**What you should do**. Go through the records and give the number of lines that include "function", with nothing else.

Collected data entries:
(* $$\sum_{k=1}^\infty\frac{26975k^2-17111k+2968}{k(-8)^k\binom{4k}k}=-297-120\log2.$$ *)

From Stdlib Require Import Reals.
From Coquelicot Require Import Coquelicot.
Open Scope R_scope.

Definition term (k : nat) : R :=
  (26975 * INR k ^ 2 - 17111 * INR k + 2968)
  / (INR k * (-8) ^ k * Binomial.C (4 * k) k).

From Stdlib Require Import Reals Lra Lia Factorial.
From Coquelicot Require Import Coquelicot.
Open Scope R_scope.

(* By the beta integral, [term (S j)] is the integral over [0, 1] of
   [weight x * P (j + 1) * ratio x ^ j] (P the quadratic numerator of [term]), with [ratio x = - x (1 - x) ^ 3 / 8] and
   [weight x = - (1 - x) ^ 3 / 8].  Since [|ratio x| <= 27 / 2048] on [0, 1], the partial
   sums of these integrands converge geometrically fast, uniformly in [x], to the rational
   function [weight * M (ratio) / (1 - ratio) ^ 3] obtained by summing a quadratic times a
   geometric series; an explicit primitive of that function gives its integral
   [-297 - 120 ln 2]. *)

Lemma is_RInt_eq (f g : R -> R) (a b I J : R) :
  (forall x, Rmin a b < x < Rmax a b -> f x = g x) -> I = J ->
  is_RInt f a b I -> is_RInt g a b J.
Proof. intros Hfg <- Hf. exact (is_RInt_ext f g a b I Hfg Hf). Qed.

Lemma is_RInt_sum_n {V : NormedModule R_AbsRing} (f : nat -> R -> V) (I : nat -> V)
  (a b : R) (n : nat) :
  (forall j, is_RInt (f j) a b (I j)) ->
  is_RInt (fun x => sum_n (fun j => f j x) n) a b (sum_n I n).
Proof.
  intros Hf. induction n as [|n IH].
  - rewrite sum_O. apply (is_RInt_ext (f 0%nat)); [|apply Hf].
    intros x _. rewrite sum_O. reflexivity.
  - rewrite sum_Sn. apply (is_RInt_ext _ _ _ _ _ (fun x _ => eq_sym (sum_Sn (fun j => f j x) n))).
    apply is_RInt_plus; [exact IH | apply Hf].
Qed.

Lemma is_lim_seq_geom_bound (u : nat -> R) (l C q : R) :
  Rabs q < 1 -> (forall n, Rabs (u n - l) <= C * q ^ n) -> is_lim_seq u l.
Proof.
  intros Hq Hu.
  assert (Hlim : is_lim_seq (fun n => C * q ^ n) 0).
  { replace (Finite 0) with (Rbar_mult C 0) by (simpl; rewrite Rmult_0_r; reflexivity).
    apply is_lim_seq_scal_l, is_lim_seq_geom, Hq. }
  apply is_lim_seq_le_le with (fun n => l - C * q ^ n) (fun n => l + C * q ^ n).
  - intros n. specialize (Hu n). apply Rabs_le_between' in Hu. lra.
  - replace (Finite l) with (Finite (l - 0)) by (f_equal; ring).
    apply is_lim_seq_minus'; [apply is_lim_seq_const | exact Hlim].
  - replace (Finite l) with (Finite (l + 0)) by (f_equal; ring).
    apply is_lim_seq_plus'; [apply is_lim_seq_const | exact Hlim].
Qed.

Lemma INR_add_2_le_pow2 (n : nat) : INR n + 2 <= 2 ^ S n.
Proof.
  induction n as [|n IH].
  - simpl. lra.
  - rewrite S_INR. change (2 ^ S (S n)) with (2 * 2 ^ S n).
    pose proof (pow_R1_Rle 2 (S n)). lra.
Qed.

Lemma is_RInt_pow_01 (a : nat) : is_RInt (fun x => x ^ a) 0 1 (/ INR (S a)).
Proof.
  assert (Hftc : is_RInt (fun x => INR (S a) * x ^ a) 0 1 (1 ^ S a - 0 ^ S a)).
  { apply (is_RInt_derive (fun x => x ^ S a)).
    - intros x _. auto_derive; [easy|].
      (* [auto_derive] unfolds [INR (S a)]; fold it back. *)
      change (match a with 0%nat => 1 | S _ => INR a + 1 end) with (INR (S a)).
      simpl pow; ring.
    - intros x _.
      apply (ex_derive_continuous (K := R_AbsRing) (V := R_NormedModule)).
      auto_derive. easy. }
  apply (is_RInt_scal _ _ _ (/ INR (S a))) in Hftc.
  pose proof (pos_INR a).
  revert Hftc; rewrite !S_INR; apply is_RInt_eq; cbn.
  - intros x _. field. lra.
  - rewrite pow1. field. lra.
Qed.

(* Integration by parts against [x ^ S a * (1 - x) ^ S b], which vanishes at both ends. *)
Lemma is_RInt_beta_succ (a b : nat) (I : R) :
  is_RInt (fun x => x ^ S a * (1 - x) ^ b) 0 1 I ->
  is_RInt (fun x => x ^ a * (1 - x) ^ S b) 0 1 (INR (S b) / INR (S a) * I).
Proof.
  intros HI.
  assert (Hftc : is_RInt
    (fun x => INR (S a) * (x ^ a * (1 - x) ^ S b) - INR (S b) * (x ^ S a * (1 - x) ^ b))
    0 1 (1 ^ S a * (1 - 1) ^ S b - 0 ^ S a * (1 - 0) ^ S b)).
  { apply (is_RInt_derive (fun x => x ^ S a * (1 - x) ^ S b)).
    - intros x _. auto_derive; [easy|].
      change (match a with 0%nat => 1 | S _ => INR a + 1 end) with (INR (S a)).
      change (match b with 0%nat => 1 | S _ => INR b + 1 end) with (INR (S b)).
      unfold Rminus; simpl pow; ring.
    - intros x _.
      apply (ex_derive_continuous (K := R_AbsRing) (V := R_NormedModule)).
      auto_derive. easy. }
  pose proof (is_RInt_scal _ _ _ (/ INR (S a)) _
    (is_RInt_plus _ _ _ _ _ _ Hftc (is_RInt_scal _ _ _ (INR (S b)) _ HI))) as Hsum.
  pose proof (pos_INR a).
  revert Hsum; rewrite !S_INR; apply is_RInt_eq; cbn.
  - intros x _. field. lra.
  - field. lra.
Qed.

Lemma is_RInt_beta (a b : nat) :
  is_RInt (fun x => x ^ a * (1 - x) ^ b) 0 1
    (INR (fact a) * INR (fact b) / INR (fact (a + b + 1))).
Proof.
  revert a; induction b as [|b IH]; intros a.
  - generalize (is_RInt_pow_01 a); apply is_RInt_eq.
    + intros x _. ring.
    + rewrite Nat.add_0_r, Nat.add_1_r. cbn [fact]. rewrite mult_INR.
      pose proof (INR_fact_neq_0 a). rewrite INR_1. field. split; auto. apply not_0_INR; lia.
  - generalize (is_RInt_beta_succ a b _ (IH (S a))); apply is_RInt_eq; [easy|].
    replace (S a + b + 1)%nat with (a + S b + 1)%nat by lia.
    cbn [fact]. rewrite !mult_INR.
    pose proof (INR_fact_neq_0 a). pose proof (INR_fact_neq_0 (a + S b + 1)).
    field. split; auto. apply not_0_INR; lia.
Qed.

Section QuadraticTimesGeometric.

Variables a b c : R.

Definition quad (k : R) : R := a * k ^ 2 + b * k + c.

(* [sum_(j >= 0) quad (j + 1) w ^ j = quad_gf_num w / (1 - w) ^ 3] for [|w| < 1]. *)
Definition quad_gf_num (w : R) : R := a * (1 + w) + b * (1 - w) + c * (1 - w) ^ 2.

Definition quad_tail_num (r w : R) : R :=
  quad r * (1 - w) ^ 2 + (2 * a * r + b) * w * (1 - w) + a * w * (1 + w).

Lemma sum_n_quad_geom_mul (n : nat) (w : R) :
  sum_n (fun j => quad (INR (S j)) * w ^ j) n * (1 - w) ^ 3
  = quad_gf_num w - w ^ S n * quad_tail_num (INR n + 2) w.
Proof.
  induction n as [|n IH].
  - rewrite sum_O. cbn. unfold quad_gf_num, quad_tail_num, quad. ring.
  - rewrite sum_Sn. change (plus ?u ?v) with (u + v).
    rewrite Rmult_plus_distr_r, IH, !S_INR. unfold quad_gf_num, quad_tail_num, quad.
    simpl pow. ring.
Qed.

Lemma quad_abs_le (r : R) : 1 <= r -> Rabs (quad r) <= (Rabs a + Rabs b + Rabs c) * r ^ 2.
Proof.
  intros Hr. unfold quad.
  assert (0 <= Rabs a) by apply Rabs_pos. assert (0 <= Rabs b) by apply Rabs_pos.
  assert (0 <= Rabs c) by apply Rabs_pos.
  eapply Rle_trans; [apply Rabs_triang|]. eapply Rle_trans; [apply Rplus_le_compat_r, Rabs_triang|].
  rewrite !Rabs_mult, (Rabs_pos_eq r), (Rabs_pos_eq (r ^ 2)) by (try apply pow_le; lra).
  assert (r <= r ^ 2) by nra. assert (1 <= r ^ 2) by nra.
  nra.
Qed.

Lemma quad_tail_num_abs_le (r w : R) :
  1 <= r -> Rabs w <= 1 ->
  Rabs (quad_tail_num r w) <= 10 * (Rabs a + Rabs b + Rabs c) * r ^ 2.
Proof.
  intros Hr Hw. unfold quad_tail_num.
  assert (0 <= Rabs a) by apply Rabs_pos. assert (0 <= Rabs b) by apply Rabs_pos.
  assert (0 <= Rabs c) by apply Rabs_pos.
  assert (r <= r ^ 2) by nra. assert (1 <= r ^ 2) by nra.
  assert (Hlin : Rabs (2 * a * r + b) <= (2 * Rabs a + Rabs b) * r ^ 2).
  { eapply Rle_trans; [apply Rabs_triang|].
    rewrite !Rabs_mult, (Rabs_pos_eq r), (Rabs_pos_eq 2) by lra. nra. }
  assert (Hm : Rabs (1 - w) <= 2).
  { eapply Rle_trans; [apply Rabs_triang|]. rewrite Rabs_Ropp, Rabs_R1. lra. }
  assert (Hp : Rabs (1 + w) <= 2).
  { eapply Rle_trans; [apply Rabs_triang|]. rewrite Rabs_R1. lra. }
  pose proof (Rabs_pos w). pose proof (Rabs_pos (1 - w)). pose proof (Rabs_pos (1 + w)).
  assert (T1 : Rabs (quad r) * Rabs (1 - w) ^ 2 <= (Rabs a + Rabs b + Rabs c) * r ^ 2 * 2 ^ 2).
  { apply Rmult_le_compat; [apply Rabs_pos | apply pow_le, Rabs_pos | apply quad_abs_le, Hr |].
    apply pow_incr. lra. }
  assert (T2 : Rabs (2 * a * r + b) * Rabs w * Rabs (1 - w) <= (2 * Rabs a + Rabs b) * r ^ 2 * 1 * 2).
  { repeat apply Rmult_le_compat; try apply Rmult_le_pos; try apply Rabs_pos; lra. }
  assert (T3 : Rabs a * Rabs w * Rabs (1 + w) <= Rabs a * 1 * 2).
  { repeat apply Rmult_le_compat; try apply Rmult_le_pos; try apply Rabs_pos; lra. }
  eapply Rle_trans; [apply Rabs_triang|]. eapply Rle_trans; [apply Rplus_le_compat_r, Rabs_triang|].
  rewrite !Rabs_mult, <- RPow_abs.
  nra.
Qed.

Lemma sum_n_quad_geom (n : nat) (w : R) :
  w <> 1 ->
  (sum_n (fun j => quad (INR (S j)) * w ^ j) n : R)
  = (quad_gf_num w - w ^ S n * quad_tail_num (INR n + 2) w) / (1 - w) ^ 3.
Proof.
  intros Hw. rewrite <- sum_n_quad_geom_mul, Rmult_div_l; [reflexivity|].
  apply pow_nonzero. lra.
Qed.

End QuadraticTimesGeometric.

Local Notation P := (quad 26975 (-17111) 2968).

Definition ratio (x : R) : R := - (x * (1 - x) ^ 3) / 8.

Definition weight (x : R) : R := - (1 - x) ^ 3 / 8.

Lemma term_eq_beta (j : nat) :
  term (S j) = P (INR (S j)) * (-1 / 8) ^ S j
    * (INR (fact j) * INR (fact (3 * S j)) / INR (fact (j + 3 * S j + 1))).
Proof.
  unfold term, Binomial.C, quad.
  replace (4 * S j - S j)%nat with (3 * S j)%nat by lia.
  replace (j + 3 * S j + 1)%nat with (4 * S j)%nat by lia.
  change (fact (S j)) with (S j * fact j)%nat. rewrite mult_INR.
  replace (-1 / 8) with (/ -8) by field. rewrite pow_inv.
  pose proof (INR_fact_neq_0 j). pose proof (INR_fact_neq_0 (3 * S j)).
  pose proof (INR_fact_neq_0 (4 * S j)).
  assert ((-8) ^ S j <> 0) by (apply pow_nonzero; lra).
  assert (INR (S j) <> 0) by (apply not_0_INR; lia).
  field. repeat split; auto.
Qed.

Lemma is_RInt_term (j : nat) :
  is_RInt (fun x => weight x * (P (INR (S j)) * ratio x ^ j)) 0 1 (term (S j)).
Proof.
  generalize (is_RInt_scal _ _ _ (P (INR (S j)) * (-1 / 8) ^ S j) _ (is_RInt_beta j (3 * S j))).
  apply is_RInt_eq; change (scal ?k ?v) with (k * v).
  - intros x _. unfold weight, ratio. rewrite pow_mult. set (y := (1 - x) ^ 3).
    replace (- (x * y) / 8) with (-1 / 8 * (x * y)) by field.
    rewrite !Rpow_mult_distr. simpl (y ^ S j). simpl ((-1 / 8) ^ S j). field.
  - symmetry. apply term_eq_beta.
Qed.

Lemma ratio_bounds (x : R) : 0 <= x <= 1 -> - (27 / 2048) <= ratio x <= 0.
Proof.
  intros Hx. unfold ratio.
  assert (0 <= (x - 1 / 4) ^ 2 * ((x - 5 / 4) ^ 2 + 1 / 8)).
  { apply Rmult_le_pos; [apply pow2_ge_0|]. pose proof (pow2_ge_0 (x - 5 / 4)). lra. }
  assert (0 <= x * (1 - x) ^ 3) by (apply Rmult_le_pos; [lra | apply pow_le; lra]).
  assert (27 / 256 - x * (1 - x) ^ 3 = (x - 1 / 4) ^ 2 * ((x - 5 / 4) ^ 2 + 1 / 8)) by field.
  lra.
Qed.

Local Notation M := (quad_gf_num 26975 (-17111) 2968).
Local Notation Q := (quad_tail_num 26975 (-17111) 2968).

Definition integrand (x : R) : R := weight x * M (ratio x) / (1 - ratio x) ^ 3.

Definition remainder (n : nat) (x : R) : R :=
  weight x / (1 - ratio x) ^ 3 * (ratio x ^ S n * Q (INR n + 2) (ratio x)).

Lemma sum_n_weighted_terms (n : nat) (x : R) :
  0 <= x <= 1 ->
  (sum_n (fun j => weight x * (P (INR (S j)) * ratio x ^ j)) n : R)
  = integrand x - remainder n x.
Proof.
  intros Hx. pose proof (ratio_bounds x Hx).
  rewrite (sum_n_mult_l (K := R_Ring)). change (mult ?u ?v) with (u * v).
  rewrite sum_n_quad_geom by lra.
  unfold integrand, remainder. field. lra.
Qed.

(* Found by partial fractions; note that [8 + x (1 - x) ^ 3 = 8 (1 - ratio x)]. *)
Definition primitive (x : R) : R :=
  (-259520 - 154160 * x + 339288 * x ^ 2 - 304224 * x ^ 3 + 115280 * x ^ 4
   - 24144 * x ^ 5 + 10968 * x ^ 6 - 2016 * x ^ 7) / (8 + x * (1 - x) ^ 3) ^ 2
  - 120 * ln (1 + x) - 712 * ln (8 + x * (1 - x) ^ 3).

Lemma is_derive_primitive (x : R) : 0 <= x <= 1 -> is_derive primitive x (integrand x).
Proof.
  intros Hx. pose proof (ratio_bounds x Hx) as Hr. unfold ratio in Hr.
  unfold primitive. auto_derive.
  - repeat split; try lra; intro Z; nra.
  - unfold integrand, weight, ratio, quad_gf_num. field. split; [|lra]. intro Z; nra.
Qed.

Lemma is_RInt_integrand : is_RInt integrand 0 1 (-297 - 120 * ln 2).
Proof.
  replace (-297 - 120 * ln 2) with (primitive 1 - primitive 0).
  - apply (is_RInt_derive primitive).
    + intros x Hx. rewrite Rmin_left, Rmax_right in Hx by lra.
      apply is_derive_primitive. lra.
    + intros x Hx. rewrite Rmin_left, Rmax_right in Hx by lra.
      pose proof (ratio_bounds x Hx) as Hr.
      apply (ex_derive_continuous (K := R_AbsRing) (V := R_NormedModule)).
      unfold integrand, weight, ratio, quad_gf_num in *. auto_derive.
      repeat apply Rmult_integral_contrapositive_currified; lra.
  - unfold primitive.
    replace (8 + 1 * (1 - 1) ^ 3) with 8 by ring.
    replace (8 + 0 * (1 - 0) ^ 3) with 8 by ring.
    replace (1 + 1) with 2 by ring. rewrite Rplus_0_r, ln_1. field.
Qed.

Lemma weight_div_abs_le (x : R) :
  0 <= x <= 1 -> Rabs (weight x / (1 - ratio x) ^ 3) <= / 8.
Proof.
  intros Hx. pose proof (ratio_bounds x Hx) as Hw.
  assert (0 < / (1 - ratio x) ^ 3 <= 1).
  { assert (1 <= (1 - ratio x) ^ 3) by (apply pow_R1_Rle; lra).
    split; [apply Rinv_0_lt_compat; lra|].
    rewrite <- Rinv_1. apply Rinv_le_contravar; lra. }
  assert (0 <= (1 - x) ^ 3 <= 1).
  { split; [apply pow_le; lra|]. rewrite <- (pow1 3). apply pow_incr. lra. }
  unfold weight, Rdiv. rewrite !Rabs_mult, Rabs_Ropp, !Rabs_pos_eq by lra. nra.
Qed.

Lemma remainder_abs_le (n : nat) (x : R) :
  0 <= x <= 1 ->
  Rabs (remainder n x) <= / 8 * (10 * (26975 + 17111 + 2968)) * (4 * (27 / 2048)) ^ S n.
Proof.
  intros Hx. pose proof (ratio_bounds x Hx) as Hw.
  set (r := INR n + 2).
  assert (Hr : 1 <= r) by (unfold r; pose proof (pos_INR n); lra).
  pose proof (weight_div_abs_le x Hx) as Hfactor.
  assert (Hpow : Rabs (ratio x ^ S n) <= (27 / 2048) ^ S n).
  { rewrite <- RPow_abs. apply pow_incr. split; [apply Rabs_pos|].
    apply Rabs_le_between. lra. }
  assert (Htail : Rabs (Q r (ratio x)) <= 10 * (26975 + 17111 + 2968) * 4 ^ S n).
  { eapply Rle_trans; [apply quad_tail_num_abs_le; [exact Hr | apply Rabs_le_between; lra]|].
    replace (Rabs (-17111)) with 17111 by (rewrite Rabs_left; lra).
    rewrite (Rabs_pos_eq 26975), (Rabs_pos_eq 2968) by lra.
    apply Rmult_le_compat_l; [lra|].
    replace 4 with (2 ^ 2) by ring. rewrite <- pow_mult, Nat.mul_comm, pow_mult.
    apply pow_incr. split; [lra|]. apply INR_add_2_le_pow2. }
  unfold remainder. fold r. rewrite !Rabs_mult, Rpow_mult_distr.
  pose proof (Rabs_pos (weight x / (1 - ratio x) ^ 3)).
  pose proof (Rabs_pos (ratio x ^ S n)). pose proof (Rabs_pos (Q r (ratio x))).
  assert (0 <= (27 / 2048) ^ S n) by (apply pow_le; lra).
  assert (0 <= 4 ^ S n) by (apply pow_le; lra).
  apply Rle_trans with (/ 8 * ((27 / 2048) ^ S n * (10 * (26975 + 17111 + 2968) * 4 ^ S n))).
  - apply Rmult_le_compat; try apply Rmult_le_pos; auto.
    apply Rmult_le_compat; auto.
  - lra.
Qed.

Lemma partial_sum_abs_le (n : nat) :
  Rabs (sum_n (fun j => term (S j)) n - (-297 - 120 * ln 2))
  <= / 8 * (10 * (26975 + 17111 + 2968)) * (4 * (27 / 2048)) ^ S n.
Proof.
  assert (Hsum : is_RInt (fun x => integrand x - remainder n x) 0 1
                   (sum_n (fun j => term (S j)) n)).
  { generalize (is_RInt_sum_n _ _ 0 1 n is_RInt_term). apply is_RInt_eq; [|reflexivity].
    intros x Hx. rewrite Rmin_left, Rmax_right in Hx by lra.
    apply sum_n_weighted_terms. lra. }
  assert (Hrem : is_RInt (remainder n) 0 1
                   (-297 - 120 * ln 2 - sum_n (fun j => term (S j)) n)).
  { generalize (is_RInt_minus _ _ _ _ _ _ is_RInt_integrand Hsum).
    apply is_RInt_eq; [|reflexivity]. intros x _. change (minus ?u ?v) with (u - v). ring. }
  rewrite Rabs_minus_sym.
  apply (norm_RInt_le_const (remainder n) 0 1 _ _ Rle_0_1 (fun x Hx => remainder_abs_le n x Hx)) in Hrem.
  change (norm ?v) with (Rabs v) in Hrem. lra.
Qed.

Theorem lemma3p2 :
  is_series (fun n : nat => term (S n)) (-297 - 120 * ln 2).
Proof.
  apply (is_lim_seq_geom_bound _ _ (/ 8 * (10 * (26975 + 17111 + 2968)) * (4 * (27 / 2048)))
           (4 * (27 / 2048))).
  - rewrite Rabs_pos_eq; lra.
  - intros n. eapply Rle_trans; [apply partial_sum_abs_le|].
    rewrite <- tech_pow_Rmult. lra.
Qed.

**Response**. 2